Domain Plugin System

EurekaClaw supports pluggable research domains that provide specialized tools, skills, workflows, and benchmarks:

DomainPlugin (ABC)
│
├── name: str                    ← machine identifier
├── display_name: str            ← human-readable name
├── keywords: list[str]          ← auto-detection triggers
├── description: str
│
├── register_tools(registry)     ← inject domain-specific tools
├── get_workflow_hint() → str    ← research guidance for agent prompts
├── get_skills_dirs() → list[Path] ← extra skill directories
└── get_benchmark_problems(level) → list[dict]  ← evaluation problems

MAB Domain Plugin (Reference Implementation)

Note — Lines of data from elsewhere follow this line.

(* Let $\beta>2\alpha>0$ with $\beta+2\alpha\le1$, and let $\varphi_N(x)=\frac12x^TAx-\sum_{k=1}^{s_N}\log\cosh(x^TAe_k)$ for $x\in\mathbb{R}^{s_N}$. Then $\varphi_N$ takes its global minimum at $x=(0,\dots,0)$.
   Context: $A$ is the $s_N\times s_N$ symmetric circulant matrix $A=\beta I+\alpha(P+P^T)$, where $P$ is the cyclic shift matrix (so $A_{kk}=\beta$, $A_{k,k\pm1}=\alpha$ with indices mod $s_N$); $e_k$ are the standard basis vectors of $\mathbb{R}^{s_N}$. *)

From Stdlib Require Import Reals.
From mathcomp Require Import all_boot all_order all_algebra.
From mathcomp Require Import Rstruct.
Set Implicit Arguments. Unset Strict Implicit. Unset Printing Implicit Defensive.
Import GRing.Theory Num.Theory.
Local Open Scope ring_scope.

Definition shiftP (n : nat) : 'M[R]_n := \matrix_(i, j) (i == ordS j)%:R.

Definition Amat (n : nat) (alpha beta : R) : 'M[R]_n :=
  beta%:M + alpha *: (shiftP n + (shiftP n)^T).

Definition e_vec (n : nat) (k : 'I_n) : 'cV[R]_n := delta_mx k 0.

Definition phiN (n : nat) (alpha beta : R) (x : 'cV[R]_n) : R :=
  (1 / 2) * (x^T *m Amat n alpha beta *m x) 0 0
  - \sum_(k < n) ln (cosh ((x^T *m Amat n alpha beta *m e_vec k) 0 0)).

(* Since ln (cosh t) <= t^2 / 2, phiN x >= (x^T A x - |A x|^2) / 2 = x^T A (I - A) x / 2.
   With P orthogonal, A (I - A) is a nonnegative combination of Gram matrices:
     4 A (I - A) = 4 alpha^2 (I - P^2)(I - P^2)^T + l+ (1 - l+) (I + P)(I + P)^T
                   + l- (1 - l-) (I - P)(I - P)^T,
   where l+- = beta +- 2 alpha are the extreme eigenvalues of A; the hypotheses put both
   in [0, 1], so the quadratic form is nonnegative while phiN 0 = 0. *)
From Stdlib Require Import Reals Lra.
From Coquelicot Require Import Coquelicot.
From mathcomp Require Import all_boot all_order all_algebra Rstruct.

Set Implicit Arguments. Unset Strict Implicit. Unset Printing Implicit Defensive.

Section LogCosh.
Local Open Scope R_scope.

Lemma le_of_derive_ge0 (f df : R -> R) :
  (forall t, is_derive f t (df t)) -> (forall t, 0 <= t -> 0 <= df t) ->
  forall y, 0 <= y -> f 0 <= f y.
Proof.
move=> f_df df_ge0 y y_ge0.
have f_cont t : continuity_pt f t.
  by apply/continuity_pt_filterlim/(ex_derive_continuous f); exists (df t).
have [c [c_in f_mvt]] := MVT_gen f 0 y df (fun t _ => f_df t) (fun t _ => f_cont t).
rewrite Rmin_left // Rmax_right // in c_in.
have : 0 <= df c * (y - 0) by apply: Rmult_le_pos; [apply: df_ge0 | ]; lra.
lra.
Qed.

Lemma cosh_pos t : 0 < cosh t.
Proof. by rewrite /cosh; have := exp_pos t; have := exp_pos (- t); lra. Qed.

Lemma cosh_opp t : cosh (- t) = cosh t.
Proof. by rewrite /cosh Ropp_involutive; lra. Qed.

Lemma sinh_ge0 t : 0 <= t -> 0 <= sinh t.
Proof.
case=> [t_gt0|<-]; last by rewrite sinh_0; lra.
by rewrite -sinh_0; left; apply: sinh_lt.
Qed.

Lemma sinh_le_mul_cosh t : 0 <= t -> sinh t <= t * cosh t.
Proof.
have k_deriv s : is_derive (fun s => s * cosh s - sinh s) s (s * sinh s).
  by rewrite /cosh /sinh; auto_derive; [|field].
move=> t_ge0; have := le_of_derive_ge0 k_deriv
  (fun s s_ge0 => Rmult_le_pos _ _ s_ge0 (sinh_ge0 s_ge0)) t_ge0.
by rewrite sinh_0; lra.
Qed.

Lemma ln_cosh_le t : ln (cosh t) <= t * t / 2.
Proof.
pose g s := s * s / 2 - ln (cosh s).
have g_deriv s : is_derive g s ((s * cosh s - sinh s) / cosh s).
  have := cosh_pos s; rewrite /g /cosh /sinh => ?.
  by auto_derive; [lra | field; lra].
have g_mono s : 0 <= s -> g 0 <= g s.
  apply: (le_of_derive_ge0 g_deriv) => {}s s_ge0.
  apply: Rdiv_le_0_compat; last exact: cosh_pos.
  by have := sinh_le_mul_cosh s_ge0; lra.
have g0 : g 0 = 0 by rewrite /g cosh_0 ln_1; lra.
have [t_ge0|t_lt0] := Rle_or_lt 0 t.
  by have := g_mono t t_ge0; rewrite g0 /g; lra.
by have := g_mono (- t) ltac:(lra); rewrite g0 /g cosh_opp; lra.
Qed.

End LogCosh.

From mathcomp Require Import ring lra.
Import GRing.Theory Num.Theory.
Local Open Scope ring_scope.

Lemma sumr_sub_inj (V : zmodType) (I : finType) (s : I -> I) (F : I -> V) :
  injective s -> \sum_i (F (s i) - F i) = 0.
Proof. by move=> s_inj; rewrite sumrB [X in _ - X](reindex_inj s_inj) subrr. Qed.

Section TridiagonalCirculant.
Variables (K : comPzRingType) (n : nat) (alpha beta : K).

Definition tridiag_circ (u : 'I_n -> K) (k : 'I_n) : K :=
  beta * u k + alpha * (u (ordS k) + u (ord_pred k)).

Lemma tridiag_circ_sos (u : 'I_n -> K) :
  let y := tridiag_circ u in
  4 * (\sum_k y k * u k - \sum_k y k ^+ 2) =
    4 * alpha ^+ 2 * \sum_k (u (ordS k) - u (ord_pred k)) ^+ 2
    + (beta + 2 * alpha) * (1 - (beta + 2 * alpha)) * \sum_k (u k + u (ordS k)) ^+ 2
    + (beta - 2 * alpha) * (1 - (beta - 2 * alpha)) * \sum_k (u k - u (ordS k)) ^+ 2.
Proof.
move=> y; apply/subr0_eq; rewrite mulrBr !mulr_sumr -!big_split -!sumrB /=.
pose sq k := u k ^+ 2; pose adj k := u k * u (ordS k).
(* Summandwise, the two sides differ by cyclic differences F (s k) - F k, whose sums vanish. *)
rewrite (eq_bigr (fun k =>
    - 8 * alpha ^+ 2 * (sq (ord_pred k) - sq k)
    + 2 * (beta ^+ 2 - beta) * (sq (ordS k) - sq k)
    + 4 * alpha * (1 - 2 * beta) * (adj (ord_pred k) - adj k))); last first.
  by move=> k _; rewrite /sq /adj /y /tridiag_circ ord_predK; ring.
have [pred_inj S_inj] := (@ord_pred_inj n, @ordS_inj n).
by rewrite !big_split /= -!mulr_sumr !sumr_sub_inj ?mulr0 ?addr0.
Qed.

End TridiagonalCirculant.

Lemma tridiag_circ_form_ge (K : realDomainType) n (alpha beta : K) (u : 'I_n -> K) :
  0 <= (beta + 2 * alpha) * (1 - (beta + 2 * alpha)) ->
  0 <= (beta - 2 * alpha) * (1 - (beta - 2 * alpha)) ->
  \sum_k tridiag_circ alpha beta u k ^+ 2 <= \sum_k tridiag_circ alpha beta u k * u k.
Proof.
move=> eig_max eig_min; rewrite -subr_ge0 -(pmulr_rge0 _ (ltr0Sn K 3)) tridiag_circ_sos.
have sum_sqr_ge0 (F : 'I_n -> K) : 0 <= \sum_k F k ^+ 2.
  by apply: sumr_ge0 => k _; apply: sqr_ge0.
by rewrite !addr_ge0 ?(mulr_ge0 _ (sum_sqr_ge0 _)) // mulr_ge0 ?sqr_ge0.
Qed.

Lemma mulmx_shiftP m n (B : 'M[R]_(m, n)) i k : (B *m shiftP n) i k = B i (ordS k).
Proof.
rewrite mxE (bigD1 (ordS k)) //= mxE eqxx mulr1 big1 ?addr0 // => j /negPf j_neq.
by rewrite mxE j_neq mulr0.
Qed.

Lemma mulmx_tr_shiftP m n (B : 'M[R]_(m, n)) i k :
  (B *m (shiftP n)^T) i k = B i (ord_pred k).
Proof.
rewrite mxE (bigD1 (ord_pred k)) //= !mxE ord_predK eqxx mulr1 big1 ?addr0 // => j j_neq.
rewrite !mxE; case: eqP => [k_Sj|]; last by rewrite mulr0.
by move: j_neq; rewrite k_Sj ordSK eqxx.
Qed.

Lemma trmx_mul_Amat n alpha beta (x : 'cV[R]_n) k :
  (x^T *m Amat n alpha beta) 0 k = tridiag_circ alpha beta (x^~ 0) k.
Proof.
rewrite /Amat mulmxDr mul_mx_scalar -scalemxAr mulmxDr.
rewrite mxE [X in _ + X]mxE [X in _ * X]mxE mulmx_shiftP mulmx_tr_shiftP.
by rewrite !mxE.
Qed.

Lemma phiN_tridiag_circ n alpha beta (x : 'cV[R]_n) :
  phiN alpha beta x = 1 / 2 * \sum_k tridiag_circ alpha beta (x^~ 0) k * x k 0
                      - \sum_k ln (cosh (tridiag_circ alpha beta (x^~ 0) k)).
Proof.
rewrite /phiN mxE; congr (_ * _ - _); apply: eq_bigr => k _.
  by rewrite trmx_mul_Amat.
by rewrite /e_vec -colE mxE trmx_mul_Amat.
Qed.

Lemma phiN0 n alpha beta : phiN alpha beta (0 : 'cV[R]_n) = 0.
Proof.
have tridiag0 k : tridiag_circ alpha beta ((0 : 'cV[R]_n)^~ 0) k = 0.
  by rewrite /tridiag_circ !mxE !(mulr0, addr0).
rewrite phiN_tridiag_circ !big1 => [|k _|k _]; last by rewrite tridiag0 mxE mulr0.
  by rewrite mulr0 subr0.
by rewrite tridiag0 cosh_0 ln_1.
Qed.

Theorem lemma4p3 (n : nat) (alpha beta : R) :
  0 < alpha -> 2 * alpha < beta -> beta + 2 * alpha <= 1 ->
  forall x : 'cV[R]_n, phiN alpha beta (0 : 'cV[R]_n) <= phiN alpha beta x.
Proof.
move=> alpha_gt0 lt_2alpha_beta le_beta_1 x.
have eig_max : 0 <= (beta + 2 * alpha) * (1 - (beta + 2 * alpha)).
  by apply: mulr_ge0; lra.
have eig_min : 0 <= (beta - 2 * alpha) * (1 - (beta - 2 * alpha)).
  by apply: mulr_ge0; lra.
have := tridiag_circ_form_ge (x^~ 0) eig_max eig_min.
rewrite phiN0 phiN_tridiag_circ; set y := tridiag_circ alpha beta (x^~ 0).
have ln_cosh_y k : ln (cosh (y k)) <= y k ^+ 2 / 2.
  by have /RleP := ln_cosh_le (y k); rewrite RdivE RmultE expr2.
have : \sum_k ln (cosh (y k)) <= \sum_k y k ^+ 2 / 2.
  by apply: ler_sum => k _; apply: ln_cosh_y.
rewrite -mulr_suml; lra.
Qed.
(* Let $T_2\in\mathbb{R}^{M^2\times M^2}$ be the symmetric positive definite 2-level Toeplitz matrix $T_2=I\otimes T_1+T_1\otimes I$ described in the context, and let $D_2\in\mathbb{R}^{M^2\times M^2}$ be a diagonal matrix with nonnegative diagonal entries, whose maximal diagonal entry is $\lambda_{\max}$. Let $$\mathcal{R}_2=\begin{bmatrix} I & T_2-D_2\\ D_2-T_2 & I\end{bmatrix},\quad \mathcal{T}_2=\begin{bmatrix} 0 & T_2\\ -T_2 & 0\end{bmatrix},\quad \mathcal{D}_2=\begin{bmatrix} I & -D_2\\ D_2 & I\end{bmatrix},$$ let $\omega>0$, and let $\mathcal{F}_{2,\omega}=\frac{1}{2\omega}(\omega I+\mathcal{T}_2)(\omega I+\mathcal{D}_2)$. Then all eigenvalues of $\mathcal{F}_{2,\omega}^{-1}\mathcal{R}_2$ lie in the disk centered at $1$ with radius $$\sigma(\omega)=\sqrt{\frac{(\omega-1)^2+\lambda_{\max}^2}{(\omega+1)^2+\lambda_{\max}^2}}<1.$$
   Context: Let $1<\alpha\le2$, $M$ a positive integer, $\mathrm{a}<\mathrm{b}$, $h=(\mathrm{b}-\mathrm{a})/(M+1)$, $\Delta t>0$, $\mu=\Delta t/h^{\alpha}$. For $k\in\mathbb{Z}$ let $c_k=\frac{(-1)^k\Gamma(\alpha+1)}{\Gamma(\alpha/2-k+1)\Gamma(\alpha/2+k+1)}$. Let $T_1=\mu T_0\in\mathbb{R}^{M\times M}$ where $T_0$ is the symmetric Toeplitz matrix with entries $[T_0]_{i,j}=c_{i-j}$. $I$ denotes identity matrices of appropriate size, $\otimes$ the Kronecker product. *)

From HB Require Import structures.
From mathcomp Require Import all_boot all_order all_algebra.
From mathcomp Require Import all_classical all_reals.
From mathcomp Require Import topology normedtype sequences exp.
From mathcomp Require Import complex mxtens.
Set Implicit Arguments. Unset Strict Implicit. Unset Printing Implicit Defensive.
Import Order.TTheory GRing.Theory Num.Theory.
Import numFieldNormedType.Exports.
Local Open Scope ring_scope.

Section FracDefs.
Variable R : realType.

(* Reciprocal Gamma function 1/Gamma(x), via Gauss' limit formula
   1/Gamma(x) = lim_n x(x+1)...(x+n) / (n! n^x), valid for every real x
   (it is 0 exactly at the poles x = 0,-1,-2,... of Gamma). *)
Definition rGamma (x : R) : R :=
  limn (fun n : nat =>
          (\prod_(i < n.+1) (x + i%:R)) / (n`!%:R * powR n%:R x)).

Definition frac_coef (alpha : R) (k : int) : R :=
  (-1) ^+ `|k|%N * (rGamma (alpha + 1))^-1
  * rGamma (alpha / 2 - k%:~R + 1) * rGamma (alpha / 2 + k%:~R + 1).

Definition meshh (M : nat) (a b : R) : R := (b - a) / (M.+1)%:R.
Definition mu_ratio (alpha : R) (M : nat) (a b dt : R) : R :=
  dt / powR (meshh M a b) alpha.

Definition T0 (alpha : R) (M : nat) : 'M[R]_M :=
  \matrix_(i < M, j < M) frac_coef alpha (i%:Z - j%:Z).

Definition T1 (alpha : R) (M : nat) (a b dt : R) : 'M[R]_M :=
  mu_ratio alpha M a b dt *: T0 alpha M.

Definition T2 (alpha : R) (M : nat) (a b dt : R) : 'M[R]_(M * M) :=
  (1%:M : 'M[R]_M) *t T1 alpha M a b dt + T1 alpha M a b dt *t (1%:M : 'M[R]_M).

Definition calR2 (n : nat) (T D : 'M[R]_n) : 'M[R]_(n + n) :=
  block_mx 1%:M (T - D) (D - T) 1%:M.
Definition calT2 (n : nat) (T : 'M[R]_n) : 'M[R]_(n + n) :=
  block_mx 0 T (- T) 0.
Definition calD2 (n : nat) (D : 'M[R]_n) : 'M[R]_(n + n) :=
  block_mx 1%:M (- D) D 1%:M.
Definition calF2 (n : nat) (T D : 'M[R]_n) (omega : R) : 'M[R]_(n + n) :=
  (2 * omega)^-1 *: ((omega%:M + calT2 T) *m (omega%:M + calD2 D)).

Definition sigma_bound (omega lmax : R) : R :=
  Num.sqrt (((omega - 1) ^+ 2 + lmax ^+ 2) / ((omega + 1) ^+ 2 + lmax ^+ 2)).

Definition cplx_mx (m n : nat) (A : 'M[R]_(m, n)) : 'M[R[i]]_(m, n) :=
  map_mx (fun x : R => (x%:C)%C) A.

End FracDefs.

From HB Require Import structures.
From mathcomp Require Import all_boot all_order all_algebra.
From mathcomp Require Import all_classical all_reals.
From mathcomp Require Import topology normedtype sequences exp.
From mathcomp Require Import complex mxtens.
From mathcomp Require Import ring lra.
Import Order.TTheory GRing.Theory Num.Theory.
Import numFieldNormedType.Exports.
Set Implicit Arguments. Unset Strict Implicit. Unset Printing Implicit Defensive.
Local Open Scope ring_scope.

(* Put P = w + T_2, P' = w - T_2, Q = w + D_2, Q' = w - D_2 for the block
   matrices T_2, D_2 of the statement.  Then 2w F = PQ and 2w R = PQ - P'Q',
   so a left eigenvector v of F^-1 R for z gives x = v (PQ)^-1 with
   x P' Q' = (1 - z) x P Q.  As T_2 is skew-symmetric, P and P' have the same
   Gram matrix w^2 + T_2 T_2^T, so |y P'| = |y P| for every row y.  As
   D_2 = 1 + S with S skew-symmetric and S S^T = diag(D_2^2, D_2^2), the Gram
   matrices of Q and Q' are (w + 1)^2 + S S^T and (w - 1)^2 + S S^T, whence
   |y Q'|^2 <= sigma^2 |y Q|^2.  Since Q and Q' commute, applying this to
   y = x P' Q^-1 gives |1 - z| |x P| <= sigma |x P|. *)

Section ShiftedProducts.
Variables (R : comPzRingType) (n : nat).
Implicit Types (w : R) (X Y : 'M[R]_n).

The Multi-Armed Bandit domain is the first and most developed plugin:

domains/mab/
├── __init__.py            MABDomainPlugin
│   ├── name = "mab"
│   ├── display_name = "Stochastic Multi-Armed Bandits"
│   └── keywords = ["bandit", "multi-armed", "mab", "ucb", "thompson",
│                    "regret", "exploration", "exploitation"]
│
├── workflow.py            WORKFLOW_HINT (research guidance text)
│
├── envs/                  Simulation environments
│   ├── stochastic.py      GaussianBandit, BernoulliBandit
│   └── runner.py          run_experiment(), sweep_T()
│                          (UCB1 & Thompson Sampling implementations)
│
├── tools/                 LLM-callable domain tools
│   ├── concentration.py   Hoeffding, Bernstein, sub-Gaussian, UCB radius
│   ├── regret.py          Regret decomposition, Lai-Robbins lower bound
│   ├── information.py     KL(Bernoulli), KL(Gaussian), Fano's inequality
│   └── bandit_tool.py     BanditExperimentTool (experiment runner)
│
├── skills/                Domain-specific proof strategies
│   ├── ucb_regret_analysis.md
│   ├── thompson_sampling_analysis.md
│   ├── lower_bound_construction.md
│   └── bandit_simulation.md
│
└── benchmark/             Tiered evaluation problems
    ├── level1.json        Reproduce: UCB1, Lai-Robbins (known bounds)
    ├── level2.json        Refine: Bernstein-UCB, MOSS, KL-UCB
    └── level3.json        Open: heavy tails, infinite-arm, batched bandits

Adding Custom Domains

from eurekaclaw.domains.base import DomainPlugin
from eurekaclaw.domains import register_domain

@register_domain
class MyDomainPlugin(DomainPlugin):
    name = "my_domain"
    display_name = "My Research Domain"
    keywords = ["keyword1", "keyword2"]

    def register_tools(self, registry: ToolRegistry) -> None:
        registry.register(MySpecialTool())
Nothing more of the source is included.